George Abraham Gibbs, 1st Baron Wraxall,  (6 July 1873 – 28 October 1931) was a British Conservative politician.

Early life
Educated at Eton College and Christ Church, Oxford, Gibbs was the eldest of the seven sons of Major Antony Gibbs and Janet Louisa Merivale, daughter of John Louis Merivale. His grandfather, William Gibbs, was the younger brother of George Henry Gibbs, the father of Hucks Gibbs, 1st Baron Aldenham, while his great-grandfather, Antony Gibbs, was the founder of the firm Antony Gibbs & Sons, bankers and merchants.

Military career
Gibbs was appointed a captain in the Yeomanry regiment the North Somerset Yeomanry on 25 September 1895. Following the outbreak of the Second Boer War in late 1899 he volunteered for active service, and on 28 February 1900 was appointed a lieutenant in the Imperial Yeomanry, where he served in the 48th (North Somerset) Company in the 7th Battalion. He was later colonel of the North Somerset Yeomanry, and was appointed deputy lieutenant of Somerset in 1911.

Political career 
In 1906, Gibbs was elected Member of Parliament for Bristol West (succeeding Sir Michael Hicks-Beach), a seat he would hold until 1928. He served as Parliamentary Private Secretary to the Colonial Secretary Walter Long, 1st Viscount Long (his father-in-law), and as a government whip from 1917 to 1921 in the coalition ministry of David Lloyd George. In 1921, he was appointed Treasurer of the Household, a post he continued to hold also under Bonar Law and Baldwin until 1924 and again from 1924 to 1928. Gibbs was sworn of the Privy Council in 1923, and in 1928 he was raised to the peerage as Baron Wraxall, of Clyst St George, in the County of Devon.

Family 
Lord Wraxall married firstly Victoria Florence de Burgh Long, daughter of Walter Long, 1st Viscount Long. They had three children, one daughter and two sons. Both of the sons died as infants. After his first wife's death in 1920, Lord Wraxall married secondly, Hon. Ursula Mary Lawley, daughter of Sir Arthur Lawley (later the 6th Baron Wenlock). They had two sons, successively the 2nd and 3rd Barons Wraxall.

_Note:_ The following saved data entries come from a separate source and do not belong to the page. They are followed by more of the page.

(* Let $A=(a_{ij})\in\overline{\mathbb{R}}^{n\times n}$. Then $A$ is pseudo-diagonalizable if and only if $A$ is finite and for all $i,j,k\in[n]$ with $k\neq i$ and $k\neq j$, $$a_{ik}+a_{kj}=\begin{cases} a_{ij} & \text{if } i\neq j,\\ 0 & \text{if } i=j.\end{cases}$$
   Context: Max-plus semiring: $\overline{\mathbb{R}}=\mathbb{R}\cup\{-\infty\}$ with $a\oplus b=\max\{a,b\}$, $a\otimes b=a+b$, $\varepsilon=-\infty$. Matrix operations: $(A\oplus B)_{ij}=\max(A_{ij},B_{ij})$, $(A\otimes B)_{ij}=\max_k(A_{ik}+B_{kj})$. $[n]=\{1,\dots,n\}$. A matrix is finite if all its entries are real. $I$ denotes the $n\times n$ matrix with $0$ on the diagonal and $\varepsilon$ elsewhere; $P\in\overline{\mathbb{R}}^{n\times n}$ is invertible if there is $Q$ with $P\otimes Q=Q\otimes P=I$ (equivalently, $P$ is a generalized permutation matrix: exactly one real entry in each row and each column, all other entries $\varepsilon$). Matrices $A,B\in\overline{\mathbb{R}}^{n\times n}$ are similar if $B=P^{-1}\otimes A\otimes P$ for some invertible $P$. A square matrix is pseudo-diagonal if its diagonal entries are real numbers and all its off-diagonal entries equal the real number $0$; $\mathrm{pdiag}(d_1,\dots,d_n)$ denotes the pseudo-diagonal matrix with diagonal entries $d_1,\dots,d_n$. A square matrix is pseudo-diagonalizable if it is similar to a pseudo-diagonal matrix. *)

(* Max-plus semiring over R : realType, with
   -oo represented by None and a real number r by Some r. *)
From HB Require Import structures.
From mathcomp Require Import all_boot all_order all_algebra.
From mathcomp Require Import reals.
Set Implicit Arguments. Unset Strict Implicit. Unset Printing Implicit Defensive.
Import Order.TTheory GRing.Theory Num.Theory.
Local Open Scope ring_scope.

Section MaxPlus.
Variable R : realType.

Definition mpR := option R.

Definition mp_add (a b : mpR) : mpR :=
  match a, b with
  | None, _ => b
  | _, None => a
  | Some x, Some y => Some (Num.max x y)
  end.

Definition mp_mul (a b : mpR) : mpR :=
  match a, b with
  | Some x, Some y => Some (x + y)
  | _, _ => None
  end.

Definition mp_mulmx (n : nat) (A B : 'M[mpR]_n) : 'M[mpR]_n :=
  \matrix_(i, j) \big[mp_add/None]_(k < n) mp_mul (A i k) (B k j).

Definition mp_id (n : nat) : 'M[mpR]_n :=
  \matrix_(i, j) if i == j then Some 0 else None.

Definition mp_inverse (n : nat) (P Q : 'M[mpR]_n) : Prop :=
  mp_mulmx P Q = mp_id n /\ mp_mulmx Q P = mp_id n.

Definition mp_similar (n : nat) (A B : 'M[mpR]_n) : Prop :=
  exists P Q : 'M[mpR]_n, mp_inverse P Q /\ B = mp_mulmx (mp_mulmx Q A) P.

Definition mp_finite (n : nat) (A : 'M[mpR]_n) : Prop :=
  forall i j, A i j <> None.

Definition pseudo_diagonal (n : nat) (A : 'M[mpR]_n) : Prop :=
  (forall i, A i i <> None) /\ (forall i j, i != j -> A i j = Some 0).

Definition pseudo_diagonalizable (n : nat) (A : 'M[mpR]_n) : Prop :=
  exists B : 'M[mpR]_n, pseudo_diagonal B /\ mp_similar A B.

End MaxPlus.

(** Every row and every column of an invertible max-plus matrix [P] (with inverse [Q])
    holds exactly one real entry, say [p_u] at [(u, s u)] with [s] injective, and then
    [Q (s u) u = - p_u].  Hence [(Q (x) A (x) P) (s u) (s v) = a_uv - p_u + p_v], so [A]
    is pseudo-diagonalizable iff it is finite and its off-diagonal entries are of the form
    [d_u - d_v].  Such a potential [d] exists iff the cocycle condition holds: take
    [d_u = a_{u i0}] for a base point [i0] (and [d_{i0} = 0]). *)
From HB Require Import structures.
From mathcomp Require Import all_boot all_order all_algebra.
From mathcomp Require Import reals.
From mathcomp Require Import lra.
Import Order.TTheory GRing.Theory Num.Theory.
Local Open Scope ring_scope.
Set Implicit Arguments. Unset Strict Implicit.

Section MaxPlusSum.
Variable R : realType.
Implicit Types a b : mpR R.

Lemma mp_addA : associative (@mp_add R).
Proof. by case=> [x|] [y|] [z|] //=; rewrite maxA. Qed.

Lemma mp_addC : commutative (@mp_add R).
Proof. by case=> [x|] [y|] //=; rewrite maxC. Qed.

Lemma mp_add0l : left_id None (@mp_add R).
Proof. by case. Qed.

HB.instance Definition _ :=
  Monoid.isComLaw.Build (mpR R) None (@mp_add R) mp_addA mp_addC mp_add0l.

Lemma mp_add_eq0 a b : mp_add a b = None -> a = None /\ b = None.
Proof. by case: a b => [x|] [y|]. Qed.

Lemma mp_mulr0 a : mp_mul a None = None.
Proof. by case: a. Qed.

Variable n : nat.
Implicit Types F : 'I_n -> mpR R.

Lemma mp_big_eq0 F k : \big[@mp_add R/None]_(l < n) F l = None -> F k = None.
Proof. by rewrite (bigD1 k) //= => /mp_add_eq0 []. Qed.

Lemma mp_big_neq0 F : \big[@mp_add R/None]_(l < n) F l <> None -> exists k, F k <> None.
Proof.
move=> Fneq0; have [k /eqP|F0] := pickP (fun k => F k != None); first by exists k.
by case: Fneq0; apply: big1 => k _; apply/eqP/negbFE.
Qed.

Lemma mp_big_single F k : (forall l, l != k -> F l = None) ->
  \big[@mp_add R/None]_(l < n) F l = F k.
Proof.
move=> F0; rewrite (bigD1 k) //= big1 => [|l /F0 //].
by case: (F k).
Qed.

Lemma mp_mulmx_row_single (X Y : 'M[mpR R]_n) i j k :
  (forall l, l != k -> X i l = None) -> mp_mulmx X Y i j = mp_mul (X i k) (Y k j).
Proof. by move=> X0; rewrite mxE (mp_big_single (k := k)) // => l /X0 ->. Qed.

Lemma mp_mulmx_col_single (X Y : 'M[mpR R]_n) i j k :
  (forall l, l != k -> Y l j = None) -> mp_mulmx X Y i j = mp_mul (X i k) (Y k j).
Proof. by move=> Y0; rewrite mxE (mp_big_single (k := k)) // => l /Y0 ->; rewrite mp_mulr0. Qed.

End MaxPlusSum.

Section MaxPlusInverse.
Variables (R : realType) (n : nat).
Implicit Types X Y P Q A : 'M[mpR R]_n.

Lemma mp_mulmx_id_diag X Y i : mp_mulmx X Y = mp_id R n ->
  exists k, X i k <> None /\ Y k i <> None.
Proof.
move=> /(congr1 (fun M : 'M_n => M i i)); rewrite !mxE eqxx => XYii.
have [|k XYk] := mp_big_neq0 (F := fun k => mp_mul (X i k) (Y k i)); first by rewrite XYii.
by exists k; case: (X i k) (Y k i) XYk => [x|] [y|].
Qed.

Lemma mp_mulmx_id_offdiag X Y i j k : mp_mulmx X Y = mp_id R n ->
  X i k <> None -> j != i -> Y k j = None.
Proof.
move=> /(congr1 (fun M : 'M_n => M i j)); rewrite !mxE eq_sym => XYij Xik /negbTE ji.
by move: XYij; rewrite ji => /(mp_big_eq0 k); case: (X i k) Xik (Y k j) => // x _ [].
Qed.

Section InverseMatrix.
Variables P Q : 'M[mpR R]_n.
Hypothesis PQ : mp_inverse P Q.

Lemma mp_inverse_row_real u : exists j, P u j <> None.
Proof. by have [j [? _]] := mp_mulmx_id_diag u PQ.1; exists j. Qed.

Lemma mp_inverse_col_unique u v j : P u j <> None -> P v j <> None -> u = v.
Proof.
have [l [Qjl Plj]] := mp_mulmx_id_diag j PQ.2.
have l_unique w : P w j <> None -> w = l.
  move=> Pwj; case: (eqVneq w l) => // wl; case: Qjl.
  by apply: (mp_mulmx_id_offdiag PQ.1 Pwj); rewrite eq_sym.
by move=> /l_unique -> /l_unique ->.
Qed.

Lemma mp_inverse_conj_entry A u v i j p q : P u i = Some p -> P v j = Some q ->
  mp_mulmx (mp_mulmx Q A) P i j = omap (fun a => a - p + q) (A u v).
Proof.
move=> Pui Pvj.
have Qi0 l : l != u -> Q i l = None.
  by apply: (mp_mulmx_id_offdiag PQ.1); rewrite Pui.
have Pj0 l : l != v -> P l j = None.
  move=> lv; case Plj: (P l j) => [x|] //; case/eqP: lv.
  by apply: (mp_inverse_col_unique (j := j)); rewrite ?Plj ?Pvj.
have QPii : mp_mul (Q i u) (P u i) = Some 0.
  have := congr1 (fun M : 'M_n => M i i) PQ.2.
  by rewrite !mxE eqxx (mp_big_single (k := u)) => // l /Qi0 ->.
rewrite (mp_mulmx_col_single _ _ Pj0) (mp_mulmx_row_single _ _ Qi0) Pvj.
move: QPii; rewrite Pui; case: (Q i u) => // x [Qiu]; case: (A u v) => //= a.
by congr Some; lra.
Qed.

End InverseMatrix.

Definition mp_diag (d : 'I_n -> R) : 'M[mpR R]_n :=
  \matrix_(i, j) if i == j then Some (d i) else None.

Lemma mp_diag_inverse d : mp_inverse (mp_diag d) (mp_diag (fun i => - d i)).
Proof.
have diag0 e i l : l != i -> mp_diag e i l = None by rewrite mxE eq_sym => /negbTE ->.
split; apply/matrixP => i j; rewrite (mp_mulmx_row_single _ _ (diag0 _ i)) !mxE eqxx;
  by case: eqVneq => //= _; rewrite ?subrr ?addNr.
Qed.

End MaxPlusInverse.

Section PseudoDiagonalizable.
Variables (R : realType) (n : nat).
Implicit Types A : 'M[mpR R]_n.

Definition offdiag_potential A :=
  exists d : 'I_n -> R, forall i j, i != j -> A i j = Some (d i - d j).

Definition mp_cocycle A :=
  forall i j k : 'I_n, k != i -> k != j ->
    mp_mul (A i k) (A k j) = (if i != j then A i j else Some 0).

Lemma pseudo_diagonalizable_potential A :
  pseudo_diagonalizable A -> mp_finite A /\ offdiag_potential A.
Proof.
move=> [B [[Bdiag Boff] [P [Q [PQ EB]]]]].
have Breal i j : B i j <> None.
  by case: (eqVneq i j) => [<-|/Boff ->] //; apply: Bdiag.
have /fin_all_exists [s Ps] u : exists jp : 'I_n * R, P u jp.1 = Some jp.2.
  have [j] := mp_inverse_row_real PQ u.
  by case Puj: (P u j) => [p|] // _; exists (j, p).
have Bconj u v : B (s u).1 (s v).1 = omap (fun a => a - (s u).2 + (s v).2) (A u v).
  by rewrite EB (mp_inverse_conj_entry PQ A (Ps u) (Ps v)).
split=> [u v|].
  by have := Breal (s u).1 (s v).1; rewrite Bconj; case: (A u v).
exists (fun u => (s u).2) => u v uv.
have suv : (s u).1 != (s v).1.
  apply: contra_neq uv => s_eq.
  by apply: (mp_inverse_col_unique PQ (j := (s v).1)); first rewrite -s_eq; rewrite Ps.
have := Bconj u v; rewrite Boff //; case: (A u v) => //= a [a_eq].
by congr Some; lra.
Qed.

Lemma potential_pseudo_diagonalizable A :
  mp_finite A -> offdiag_potential A -> pseudo_diagonalizable A.
Proof.
move=> Afin [d Ad]; have dd := mp_diag_inverse d.
have dii i : mp_diag d i i = Some (d i) by rewrite mxE eqxx.
have Bconj i j := mp_inverse_conj_entry dd A (dii i) (dii j).
eexists; split; last by exists (mp_diag d), (mp_diag (fun i => - d i)).
split=> [i|i j ij]; rewrite Bconj //; first by case: (A i i) (Afin i i).
by rewrite Ad //=; congr Some; lra.
Qed.

Lemma potential_cocycle A : offdiag_potential A -> mp_cocycle A.
Proof.
move=> [d Ad] i j k ki kj; rewrite (Ad i k) 1?eq_sym // (Ad k j) //=.
case: eqVneq => [->|ji] /=; first by congr Some; lra.
by rewrite Ad 1?eq_sym //; congr Some; lra.
Qed.

Lemma finite_cocycle_potential A :
  mp_finite A -> mp_cocycle A -> offdiag_potential A.
Proof.
move=> Afin Acoc; pose a i j := odflt 0 (A i j).
have Aa i j : A i j = Some (a i j) by rewrite /a; case: (A i j) (Afin i j).
have [i0 _|n0] := pickP (@predT 'I_n); last by exists (fun=> 0) => i; have := n0 i.
have a_anti i : i != i0 -> a i i0 + a i0 i = 0.
  by move=> ii0; have := Acoc i i i0; rewrite eq_sym ii0 eqxx !Aa => /(_ isT isT) [].
exists (fun i => if i == i0 then 0 else a i i0) => i j ij; rewrite Aa; congr Some.
case: (eqVneq i i0) => [ii0|ii0]; case: (eqVneq j i0) => [ji0|ji0].
- by move: ij; rewrite ii0 ji0 eqxx.
- by subst i; have := a_anti j ji0; lra.
- by subst j; lra.
- have := Acoc i j i0; rewrite ij !Aa !(eq_sym i0) ii0 ji0 => /(_ isT isT) [].
  by have := a_anti j ji0; lra.
Qed.

End PseudoDiagonalizable.

Theorem theorem3p3 (R : realType) (n : nat) (A : 'M[mpR R]_n) :
  pseudo_diagonalizable A <->
  (mp_finite A /\
   forall i j k : 'I_n, k != i -> k != j ->
     mp_mul (A i k) (A k j) = (if i != j then A i j else Some 0)).
Proof.
split=> [/pseudo_diagonalizable_potential [Afin Apot]|[Afin Acoc]].
  by split; last exact: potential_cocycle.
by apply: potential_pseudo_diagonalizable; last exact: finite_cocycle_potential.
Qed.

Lord Wraxall died from pneumonia in October 1931, aged 58. He was succeeded in the barony by his eldest son from his second marriage, Richard Gibbs, 2nd Baron Wraxall.

See also
Tyntesfield
Baron Aldenham
Baron Hunsdon of Hunsdon

References

External links 
 
 

1873 births
1931 deaths
People educated at Eton College
Alumni of Christ Church, Oxford
Gibbs, George
Members of the Privy Council of the United Kingdom
Treasurers of the Household
Gibbs, George
Gibbs, George
Gibbs, George
Gibbs, George
Gibbs, George
Gibbs, George
Gibbs, George
UK MPs who were granted peerages
Deputy Lieutenants of Somerset
Deaths from pneumonia in the United Kingdom
Imperial Yeomanry officers
North Somerset Yeomanry officers
George
1
Barons created by George V

ja:ジョージ・ギブズ (初代ラクソール男爵)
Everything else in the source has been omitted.